In 2011, cultural critic and music writer Simon Reynolds published his treatise on music (and society’s) fetishism of nostalgia; Retromania. In the book, he laments what he sees as a lost decade (2000-2010) that (according to him) saw no new innovations in music. His central thesis is that after the whirlwind of the “new” that was the 1960s, Bowie’s upending of social mores and musical barriers alongside punk’s year zero approach in the 1970s, the shiny pop music and experimentation of post-punk in the 1980s, and the proliferation of innovative dance music in the 1990s, the first decade of the new century had nowhere to go and no appetite to even attempt to develop new forms of music and culture. Although he bemoans the fact that much of the music of previous eras consisted of recycled forms of previous innovations, until the new millennium there were always new ideas and unique contexts that allowed for innovation and progress. In short, there is nothing new under the sun.

It’s a few years now since I first published an article in Tidings of Magpies on my love for the cutting-edge Ugandan electronica/hip-hop label Nyege Nyege Tapes and its sister label Hakuna Kulala. I finished that article on a portentous note, wondering how long it would be before the record company vultures swooped down and co-opted and commercialized what was a vibrant and beautiful underground community.

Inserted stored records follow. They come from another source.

Theorem lemma2p8 (n : nat) (m lambda beta : R) (v : R -> R) :
  (3 <= n)%nat ->
  0 < m -> m < (INR n - 2) / INR n -> m <> (INR n - 2) / (INR n + 2) ->
  0 < lambda -> 0 < beta ->
  radial_sol n m beta lambda v ->
  (exists K : R, filterlim (h1_fun n m beta v) (Rbar_locally p_infty) (locally K)) /\
  (forall K : R,
     filterlim (h1_fun n m beta v) (Rbar_locally p_infty) (locally K) ->
     filterlim
       (fun s => s * h2_fun n m beta K v s
                 + (1 - m) * a1 n m beta K / (2 * (INR n - 2 - INR n * m) * beta))
       (Rbar_locally p_infty) (locally 0)).
Proof.
  intros Hn Hm0 Hm _ Hlam Hbeta [Hv [_ [Hvlim [Hdiff [Hdu0 Hode]]]]].
  destruct (subcritical_exponent_bounds n m Hn Hm0 Hm) as [HN [HmN Hm1]].
  destruct (rad_coefs_pos n m beta Hm1 HN Hbeta HmN) as [Hk [Hb Halpha]].
  set (u := fun t => Rpower (v t) m) in *.
  assert (Hv' : forall r, 0 < r -> 0 < v r) by (intros; apply Hv; lra).
  assert (Hdu : forall r, 0 < r -> Derive u r = m * u r * Derive v r / v r).
  { intros r Hr. apply is_derive_unique, is_derive_Rpower_comp; [apply Hv' | apply Hdiff];
    exact Hr. }
  assert (HW := is_derive_w_fun m v u Hm1 Hv' (fun r _ => eq_refl) Hdiff Hdu).
  assert (HZ := is_derive_z_fun n m beta v u Hm1 HN Hv' (fun r _ => eq_refl) Hdiff Hdu Hode).
  assert (HWpos : forall s, 0 < w_fun m v s) by (intros; apply Rmult_lt_0_compat; apply exp_pos).
  destruct (z_fun_pos_near_origin m lambda v Hm1 Hlam Hvlim Hdu0) as [s0 Hs0].
  assert (Hh1 := h1_fun_eq n m beta v Hm1 HN Hbeta).
  split.
  - destruct (h1_converges _ _ _ _ s0 _ _ Hk Hb Halpha HWpos HW HZ Hs0) as [K HK].
    exists K. exact (is_lim_ext _ _ p_infty K (fun s => eq_sym (Hh1 s)) HK).
  - intros K HK. eapply (is_lim_ext_loc _ _ p_infty 0); cycle 1.
    + apply (h1_expansion _ _ _ _ s0 _ _ Hk Hb Halpha HWpos HW HZ Hs0).
      exact (is_lim_ext _ _ p_infty K Hh1 HK).
    + exists 0. intros s Hs. symmetry.
      exact (s_mul_h2_fun_eq n m beta v Hm1 HN Hbeta HmN K s Hs).
Qed.
Lemma ode_rhs_factor : u < s ->
  exists2 y2 : R, ybar2 s g u < 1 < y2 &
    forall y, ode_rhs s g u y = g * (1 - y) * (y2 - y) * (ybar2 s g u - y).
Proof.
move=> u_lt_s; have g_neq0 : g != 0 by rewrite gt_eqF.
rewrite /ybar2; set a := 1 + s / g; set D := a ^+ 2 - 4 * u / g.
have D_gt : (1 - s / g) ^+ 2 < D.
  have -> : D = (1 - s / g) ^+ 2 + 4 * ((s - u) / g) by rewrite /D /a; field.
  by rewrite ltrDl mulr_gt0 // divr_gt0 // subr_gt0.
have D_gt0 : 0 < D by rewrite (le_lt_trans _ D_gt) ?sqr_ge0.
have r_sq : Num.sqrt D ^+ 2 = D by rewrite sqr_sqrtr // ltW.
have /ltr_normlP[r_gt r_gt'] : `|1 - s / g| < Num.sqrt D by rewrite -sqrtr_sqr ltr_sqrt.
set r := Num.sqrt D in r_gt r_gt' r_sq *.
exists (2^-1 * (a + r)); first by apply/andP; split; rewrite /a; lra.
move=> y; have u_eq : u = g * (a ^+ 2 - r ^+ 2) / 4 by rewrite r_sq /D; field.
have s_eq : s = g * (a - 1) by rewrite /a; field.
by rewrite /ode_rhs u_eq s_eq; field.
Qed.

Lemma ode_rhs_gt0 (y : R) : g < s <= u -> y < 1 -> 0 < ode_rhs s g u y.
Proof.
move=> /andP[g_lt_s s_le_u] y_lt1.
have -> : ode_rhs s g u y = (1 - y) * ((1 - y) * (s - g * y) + (u - s)).
  by rewrite /ode_rhs; ring.
have gy_lt : g * y < s by rewrite (lt_trans _ g_lt_s) // gtr_pMr.
by rewrite mulr_gt0 ?subr_gt0 // ltr_wpDr ?subr_ge0 // mulr_gt0 ?subr_gt0.
Qed.
End OdeRhs.

Lemma ybar2_rationalized {R : realType} (s g u : R) : 0 < s -> 0 < g ->
  0 <= (g + s) ^+ 2 - 4 * u * g ->
  ybar2 s g u = 2 * u / (g + s + Num.sqrt ((g + s) ^+ 2 - 4 * u * g)).
Proof.
move=> s_gt0 g_gt0; set D := _ - _ => D_ge0.
have g_neq0 : g != 0 by rewrite gt_eqF.
rewrite /ybar2 (_ : (1 + s / g) ^+ 2 - 4 * u / g = D * (g^-1) ^+ 2); last first.
  by rewrite /D; field.
rewrite sqrtrM // sqrtr_sqr ger0_norm ?invr_ge0 ?ltW //.
have r_ge0 := sqrtr_ge0 D; have r_sq : Num.sqrt D ^+ 2 = D by rewrite sqr_sqrtr.
set r := Num.sqrt D in r_ge0 r_sq *.
apply: (canRL (mulfK _)); first by rewrite gt_eqF //; lra.
rewrite (_ : 2 * u = ((g + s) ^+ 2 - r ^+ 2) / (2 * g)); last by rewrite r_sq /D; field.
by field; rewrite gt_eqF //; lra.
Qed.

Lemma ybar2_cvg {R : realType} {s u : R} : 0 < s -> 0 < u ->
  ybar2 s g u @[g --> 0^'+] --> u / s.
Proof.
move=> s_gt0 u_gt0.
pose D : {poly R} := ('X + s%:P) ^+ 2 - (4 * u) *: 'X.
have D_eq (g : R) : D.[g] = (g + s) ^+ 2 - 4 * u * g by rewrite !hornerE.
have D0 : D.[0] = s ^+ 2 by rewrite D_eq add0r mulr0 subr0.
have F_cvg : 2 * u / (g + s + Num.sqrt D.[g]) @[g --> 0] --> u / s.
  have -> : u / s = 2 * u / (0 + s + Num.sqrt D.[0]).
    by rewrite D0 sqrtr_sqr ger0_norm ?ltW // add0r; field; rewrite !gt_eqF ?addr_gt0.
  apply: cvgM; first exact: cvg_cst.
  apply: cvgV; first by rewrite D0 sqrtr_sqr ger0_norm ?ltW // add0r gt_eqF ?addr_gt0.
  apply: cvgD; first by apply: cvgD; [exact: cvg_id | exact: cvg_cst].
  apply: continuous_cvg; first exact: sqrt_continuous.
  exact: continuous_horner.
apply: cvg_trans (cvg_at_right_filter F_cvg); apply: near_eq_cvg; near=> g.
have g_gt0 : 0 < g by near: g; exact: nbhs_right_gt.
have g_small : g * (4 * u) < s ^+ 2.
  rewrite -ltr_pdivlMr ?mulr_gt0 //; near: g; apply: nbhs_right_lt.
  by rewrite divr_gt0 ?exprn_gt0 ?mulr_gt0.
rewrite D_eq ybar2_rationalized //; have : 0 < g * s by rewrite mulr_gt0.
have : 0 < g * g by rewrite mulr_gt0.
rewrite !expr2 in g_small *; lra.
Unshelve. all: by end_near.
Qed.

Section IvpSolution.
Context {R : realType} {s g u y0 : R} {Y : R -> R}.
Hypothesis Ysol : is_ivp_solution s g u y0 Y.

Let Ypoly : poly_ode_solution (ode_poly s g u) Y := ivp_solution_poly_ode Ysol.
Let Y0 : Y 0 = y0 := Ysol.1.
Let root_ode_poly (c : R) : root (ode_poly s g u) c = (ode_rhs s g u c == 0).
Proof. by rewrite /root horner_ode_poly. Qed.

Lemma ivp_solution_cvg : 0 <= u -> 0 <= y0 <= 1 -> exists L : R, Y t @[t --> +oo] --> L.
Proof.
move=> u_ge0 y0_01; have [|||L YL _] := poly_ode_cvg_between 0 1 Ypoly; last by exists L.
- by rewrite Y0.
- by rewrite horner_ode_poly /ode_rhs; lra.
- by rewrite horner_ode_poly /ode_rhs; lra.
Qed.

Lemma ivp_solution_cvg_one : y0 = 1 -> Y t @[t --> +oo] --> (1 : R).
Proof.
move=> y0_eq1; apply: (poly_ode_cvg_attractor 1 Ypoly); rewrite ?Y0 ?y0_eq1.
- by rewrite root_ode_poly /ode_rhs subrr !(mulr0, mul0r) addr0.
- by move=> y /andP[]; lra.
- by move=> y /andP[]; lra.
Qed.

Hypothesis g_gt0 : 0 < g.

Lemma ivp_solution_cvg_ybar2 : u < s -> y0 < 1 ->
  Y t @[t --> +oo] --> ybar2 s g u.
Proof.
move=> u_lt_s y0_lt1; have [y2 /andP[y1_lt1 y2_gt1] rhs_eq] := ode_rhs_factor s g u g_gt0 u_lt_s.
apply: (poly_ode_cvg_attractor _ Ypoly); rewrite ?Y0.
- by rewrite root_ode_poly rhs_eq subrr mulr0.
- move=> y /andP[y0_le y_lt]; rewrite horner_ode_poly rhs_eq.
  by rewrite !mulr_gt0 ?subr_gt0 //; lra.
- move=> y /andP[y_gt y_le]; rewrite horner_ode_poly rhs_eq.
  by rewrite pmulr_rlt0 ?subr_lt0 // !mulr_gt0 ?subr_gt0 //; lra.
Qed.

Lemma ivp_solution_cvg_one_of_le : g < s <= u -> y0 < 1 -> Y t @[t --> +oo] --> (1 : R).
Proof.
move=> gsu y0_lt1; apply: (poly_ode_cvg_attractor 1 Ypoly); rewrite ?Y0.
- by rewrite root_ode_poly /ode_rhs subrr !(mulr0, mul0r) addr0.
- by move=> y /andP[_ y_lt1]; rewrite horner_ode_poly (ode_rhs_gt0 s g u g_gt0 y gsu y_lt1).
- by move=> y /andP[]; lra.
Qed.
End IvpSolution.
(* The mixed difference over a unit square of the closed quadrant is
   nonnegative: approximate it by the open rectangle [x0+t,x0+1]x[y0+t,y0+1]
   and let [t] go to 0 using [D2_diag_step]. *)
Lemma D2_mixed_diff x0 y0 : 0 <= x0 -> 0 <= y0 ->
  0 <= D2 d (x0 + 1) (y0 + 1) - D2 d x0 (y0 + 1) - D2 d (x0 + 1) y0 + D2 d x0 y0.
Proof.
  intros Hx Hy.
  set (T := D2 d (x0 + 1) (y0 + 1) - D2 d x0 (y0 + 1) - D2 d (x0 + 1) y0 + D2 d x0 y0).
  set (K := d (sqrt (x0 ^ 2 + y0 ^ 2) + 1) - d (sqrt (x0 ^ 2 + y0 ^ 2))).
  assert (HK : 0 <= K)
    by (unfold K; destruct HC2 as [_ Hm]; assert (H := sqrt_pos (x0 ^ 2 + y0 ^ 2));
        assert (d (sqrt (x0 ^ 2 + y0 ^ 2)) <= d (sqrt (x0 ^ 2 + y0 ^ 2) + 1)) by (apply Hm; lra);
        lra).
  assert (Happrox : forall t, 0 < t -> 2 * t <= 1 -> - (2 * t * K) <= T).
  { intros t Ht Ht1.
    assert (Hin := D2_mixed_diff_open (x0 + t) (x0 + 1) (y0 + t) (y0 + 1) ltac:(lra) ltac:(lra)).
    assert (D2 d x0 (y0 + 1) <= D2 d (x0 + t) (y0 + 1)) by (apply D2_mono; lra).
    assert (D2 d (x0 + 1) y0 <= D2 d (x0 + 1) (y0 + t)) by (apply D2_mono; lra).
    assert (Hdiag := D2_diag_step x0 y0 t Hx Hy ltac:(lra) Ht1). fold K in Hdiag.
    unfold T. lra. }
  destruct (Rle_dec 0 T) as [HT|HT]; [exact HT|exfalso].
  set (t := Rmin (1/2) (- T / (4 * (K + 1)))).
  assert (Ht : 0 < t) by (apply Rmin_glb_lt; [lra|apply Rdiv_lt_0_compat; lra]).
  assert (Ht1 : t <= 1/2) by apply Rmin_l.
  assert (HtT : t * (4 * (K + 1)) <= - T).
  { assert (Hr : t <= - T / (4 * (K + 1))) by apply Rmin_r.
    apply (Rmult_le_compat_r (4 * (K + 1))) in Hr; [|lra].
    unfold Rdiv in Hr. rewrite Rmult_assoc, Rinv_l in Hr; lra. }
  assert (H := Happrox t Ht ltac:(lra)). nra.
Qed.

(* Triangle inequality for the lattice midpoint: [|(m+1,n)|] is at most the
   average of [|(m,n)|] and [|(m+2,n)|]. *)
Lemma norm_midpoint m n : 0 <= m -> 0 <= n ->
  2 * sqrt ((m + 1) ^ 2 + n ^ 2) <= sqrt (m ^ 2 + n ^ 2) + sqrt ((m + 2) ^ 2 + n ^ 2).
Proof.
  intros Hm Hn.
  set (a := sqrt (m ^ 2 + n ^ 2)). set (b := sqrt ((m + 1) ^ 2 + n ^ 2)).
  set (c := sqrt ((m + 2) ^ 2 + n ^ 2)).
  assert (Ha : a ^ 2 = m ^ 2 + n ^ 2) by (apply pow2_sqrt; nra).
  assert (Hb : b ^ 2 = (m + 1) ^ 2 + n ^ 2) by (apply pow2_sqrt; nra).
  assert (Hc : c ^ 2 = (m + 2) ^ 2 + n ^ 2) by (apply pow2_sqrt; nra).
  assert (0 <= a) by apply sqrt_pos. assert (0 <= b) by apply sqrt_pos.
  assert (0 <= c) by apply sqrt_pos.
  (* Cauchy-Schwarz: [m(m+2) + n^2 <= a c] *)
  assert (Hac : m * (m + 2) + n ^ 2 <= a * c).
  { assert ((m * (m + 2) + n ^ 2) ^ 2 <= (a * c) ^ 2)
      by (replace ((a * c) ^ 2) with (a ^ 2 * c ^ 2) by ring; rewrite Ha, Hc; nra).
    assert (0 <= a * c) by (apply Rmult_le_pos; lra). nra. }
  nra.
Qed.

Fast forward two and half years and thanks to that article, Nyege Nyege’s press team got in touch with TOM and asked if we would be interested in reviewing the new record by Sisso & Maiko (out May 10).  Seeing as it was buying the compilation of fresh and frantic Tanzanian Singeli sounds put together by Sisso back in 2017 that acted as my introduction to Nyege Nyege Tapes (current total number of NN/HK records on shelf: 46), I thought it would be the ideal time to take stock and see how the world’s most forward-thinking label has fared over the last two and a half years.     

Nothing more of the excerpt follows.